> **Task details**:
Set out exactly every line of the entries below, starting at the line that holds "forall c, (c" and stopping after the line that holds "apply: inj_O (elimT".

> **Provided entries**:

Lemma injective_left_inverse (n : nat) (O : nat -> nat -> R) :
  (forall z : nat -> R,
     (forall r, (r < n)%coq_nat -> sumR n (fun c => Rmult (O r c) (z c)) = R0) ->
     forall c, (c < n)%coq_nat -> z c = R0) ->
  exists B : nat -> nat -> R, forall (w : nat -> R) c, (c < n)%coq_nat ->
    sumR n (fun r => Rmult (B c r) (sumR n (fun c' => Rmult (O r c') (w c')))) = w c.
Proof.
move=> inj_O.
pose M : 'M[R]_n := \matrix_(i < n, j < n) O i j.
have ker0 : kermx M^T = 0.
  apply/matrixP => i c; rewrite [RHS]mxE.
  pose z c := oapp (kermx M^T i) 0 (insub c).
  have -> : kermx M^T i c = z c by rewrite /z valK.
  apply: inj_O (elimT ltP (ltn_ord c)) => r /ltP lt_rn.
  have := congr1 (fun A : 'M[R]_n => A i (Ordinal lt_rn)) (mulmx_ker M^T).
  rewrite mxE [RHS]mxE sumR_big => E; apply: (etrans _ E).
  by apply: eq_bigr => k _; rewrite /z valK /= mulrC [M^T _ _]mxE [M _ _]mxE.
have M_unit : M \in unitmx by rewrite -unitmx_tr -row_free_unit -kermx_eq0 ker0.
exists (fun c r => if insub c is Some c1 then oapp (invmx M c1) 0 (insub r) else 0).
move=> w c /ltP lt_cn.
have -> : insub c = Some (Ordinal lt_cn) by apply: insubT.
set c1 := Ordinal lt_cn.
transitivity (\sum_(k < n) (invmx M *m M) c1 k * w k).
  rewrite sumR_big.
  under eq_bigr do rewrite valK sumR_big big_distrr /=.
  rewrite exchange_big /=; apply: eq_bigr => k _.
  rewrite !mxE big_distrl /=; apply: eq_bigr => r _.
  by rewrite [M r k]mxE; exact: esym (Rmult_assoc _ _ _).
rewrite mulVmx // (bigD1 c1) //= big1 ?mxE ?eqxx ?mul1r ?addr0 //.
by move=> k ne_k; rewrite mxE eq_sym (negbTE ne_k) mul0r.
Qed.
End SquareSystem.

Lemma sumR_ext n f g : (forall i, (i < n)%nat -> f i = g i) -> sumR n f = sumR n g.
Proof.
  induction n as [|n IH]; intros Hfg; simpl; [reflexivity|].
  f_equal; [apply IH; intros|]; apply Hfg; lia.
Qed.

Lemma sumR_plus n f g : sumR n (fun i => f i + g i) = sumR n f + sumR n g.
Proof. induction n as [|n IH]; simpl; [ring|]. rewrite IH. ring. Qed.

Lemma sumR_scal n f a : sumR n (fun i => a * f i) = a * sumR n f.
Proof. induction n as [|n IH]; simpl; [ring|]. rewrite IH. ring. Qed.

Lemma sumR_le n f g : (forall i, (i < n)%nat -> f i <= g i) -> sumR n f <= sumR n g.
Proof.
  induction n as [|n IH]; intros Hfg; simpl; [lra|].
  apply Rplus_le_compat; [apply IH; intros; apply Hfg|apply Hfg]; lia.
Qed.

Lemma sumR_nonneg n f : (forall i, (i < n)%nat -> 0 <= f i) -> 0 <= sumR n f.
Proof.
  induction n as [|n IH]; intros Hf; simpl; [lra|].
  assert (0 <= sumR n f) by (apply IH; intros; apply Hf; lia).
  assert (0 <= f n) by (apply Hf; lia). lra.
Qed.

Lemma sumR_ge_term n f i :
  (forall i, (i < n)%nat -> 0 <= f i) -> (i < n)%nat -> f i <= sumR n f.
Proof.
  induction n as [|n IH]; intros Hf Hi; simpl; [lia|].
  destruct (Nat.eq_dec i n) as [->|Hne].
  - assert (0 <= sumR n f) by (apply sumR_nonneg; intros; apply Hf; lia). lra.
  - assert (f i <= sumR n f) by (apply IH; [intros; apply Hf|]; lia).
    assert (0 <= f n) by (apply Hf; lia). lra.
Qed.

Lemma Un_cv_ext u w l : (forall n, u n = w n) -> Un_cv u l -> Un_cv w l.
Proof. intros E Hu e He. destruct (Hu e He) as [N HN]. exists N. intros. rewrite <- E. auto. Qed.
(* Let $\mathcal A$ be a mixed online algorithm for an online problem $(\mathcal X,\mathcal R,d)$ with start state $s^0$ and cost function $\mathrm{cost}$. Then there is a behavioral online algorithm $\mathcal A'$ for the same problem such that for every finite request sequence $\varrho=r^1\dots r^n$, $$E\big(\mathrm{cost}_{\mathcal A'}(\varrho)\big)=E\big(\mathrm{cost}_{\mathcal A}(\varrho)\big).$$
   Context: Online problem: a set $\mathcal X$ of states (configurations), a set $\mathcal R$ of requests, a start state $s^0\in\mathcal X$, a function $d:\mathcal X\times\mathcal X\to[0,\infty)$ with $d(x,x)=0$ and $d(x,z)\le d(x,y)+d(y,z)$, and a cost function $\mathrm{cost}:\mathcal X\times\mathcal R\times\mathcal X\to[0,\infty)$ ($\mathrm{cost}(x,r,y)$ is the cost of serving request $r$ while moving from $x$ to $y$) satisfying $\mathrm{cost}(u,r,v)\le d(u,x)+\mathrm{cost}(x,r,y)+d(y,v)$ for all $u,x,y,v\in\mathcal X$, $r\in\mathcal R$. $\Pi$ denotes the set of finitely supported probability distributions on $\mathcal X$; a point mass at $x$ is identified with $x$. For $\pi,\pi'\in\Pi$ and $r\in\mathcal R$, $\mathrm{cost}(\pi,r,\pi')$ is the minimum transportation cost: the minimum of $\sum_{x,y}\gamma(x,y)\,\mathrm{cost}(x,r,y)$ over all probability distributions $\gamma$ on $\mathrm{supp}(\pi)\times\mathrm{supp}(\pi')$ whose first marginal is $\pi$ and second marginal is $\pi'$. Mixed online algorithm $\mathcal A$: a set $\mathcal M$ of memory states, a start memory state $m^0$, and for each full state $k=(\pi,m)\in\Pi\times\mathcal M$ (reachable by $\mathcal A$) and each request $r$, a finite list of ''subsequent'' full states $k_i=(\pi_i,m_i)$, $i=1,\dots,p$, with weights $\lambda_i>0$, $\sum_i\lambda_i=1$. Starting from $k^0=(s^0,m^0)$, on request $r^t$ the algorithm moves from $k^{t-1}$ to $k^t=k_i$ (the subsequents for $(k^{t-1},r^t)$) with probability $\lambda_i$. The cost of such a step is $\mathrm{cost}_{\mathcal A}(k,r)=\mathrm{cost}(\pi,r,\bar\pi)$ where $\bar\pi=\sum_i\lambda_i\pi_i$, and $\mathrm{cost}_{\mathcal A}(\varrho)=\sum_{t=1}^n\mathrm{cost}_{\mathcal A}(k^{t-1},r^t)$ (a random variable). Behavioral online algorithm: a set $\mathcal M$ of memory states, a start memory state $m^0$, and for each $(x,m)\in\mathcal X\times\mathcal M$ and $r\in\mathcal R$ a finitely supported probability distribution on $\mathcal X\times\mathcal M$. Starting from $(x^0,m^0)=(s^0,m^0)$, on request $r^t$ it draws $(x^t,m^t)$ from the distribution associated with $(x^{t-1},m^{t-1},r^t)$. Its cost on $\varrho$ is the random variable $\sum_{t=1}^n\mathrm{cost}(x^{t-1},r^t,x^t)$. *)

From HB Require Import structures.
From mathcomp Require Import all_boot all_order all_algebra.
From mathcomp Require Import boolp classical_sets reals.
From Stdlib Require List.
Set Implicit Arguments. Unset Strict Implicit. Unset Printing Implicit Defensive.
Import Order.TTheory GRing.Theory Num.Theory.
Local Open Scope ring_scope.
Local Open Scope classical_set_scope.

Section Defs.
Variables (R : realType) (X Rq : Type).

Fixpoint cundup (s : seq X) : seq X :=
  match s with
  | [::] => [::]
  | x :: s' => if `[< List.In x s' >] then cundup s' else x :: cundup s'
  end.

Record fdist := FDist {
  fd_pmf : X -> R;
  fd_supp : seq X;
  fd_ge0 : forall x, 0 <= fd_pmf x;
  fd_suppP : forall x, fd_pmf x != 0 -> List.In x fd_supp;
  fd_sum1 : \sum_(x <- cundup fd_supp) fd_pmf x = 1 }.

Definition dirac_pmf (s : X) : X -> R := fun y => if `[< y = s >] then 1 else 0.

Lemma dirac_ge0 s x : 0 <= dirac_pmf s x.
Proof. by rewrite /dirac_pmf; case: ifP. Qed.

Lemma dirac_suppP s x : dirac_pmf s x != 0 -> List.In x [:: s].
Proof.
rewrite /dirac_pmf; case: ifP => [/asboolW -> _|_]; first by left.
by rewrite eqxx.
Qed.

Lemma dirac_sum1 s : \sum_(x <- cundup [:: s]) dirac_pmf s x = 1.
Proof.
rewrite /= asboolF //= big_cons big_nil addr0 /dirac_pmf asboolT //.
Qed.

(* The point mass at s (identified with s). *)
Definition dirac (s : X) : fdist :=
  @FDist (dirac_pmf s) [:: s] (@dirac_ge0 s) (@dirac_suppP s) (dirac_sum1 s).

(* gamma is a coupling (transport plan) between the finitely supported
   weight functions (f, S) and (g, T), S and T duplicate-free support lists. *)
Definition coupling (f : X -> R) (S : seq X) (g : X -> R) (T : seq X)
    (gam : X -> X -> R) : Prop :=
  (forall x y, 0 <= gam x y) /\
  (forall x, List.In x S -> \sum_(y <- T) gam x y = f x) /\
  (forall y, List.In y T -> \sum_(x <- S) gam x y = g y).

Definition transport_cost (c : X -> Rq -> X -> R) (f : X -> R) (s : seq X)
    (r : Rq) (g : X -> R) (t : seq X) : R :=
  inf [set v | exists gam, coupling f (cundup s) g (cundup t) gam /\
        v = \sum_(x <- cundup s) \sum_(y <- cundup t) gam x y * c x r y].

> **Response**:
     forall c, (c < n)%coq_nat -> z c = R0) ->
  exists B : nat -> nat -> R, forall (w : nat -> R) c, (c < n)%coq_nat ->
    sumR n (fun r => Rmult (B c r) (sumR n (fun c' => Rmult (O r c') (w c')))) = w c.
Proof.
move=> inj_O.
pose M : 'M[R]_n := \matrix_(i < n, j < n) O i j.
have ker0 : kermx M^T = 0.
  apply/matrixP => i c; rewrite [RHS]mxE.
  pose z c := oapp (kermx M^T i) 0 (insub c).
  have -> : kermx M^T i c = z c by rewrite /z valK.
  apply: inj_O (elimT ltP (ltn_ord c)) => r /ltP lt_rn.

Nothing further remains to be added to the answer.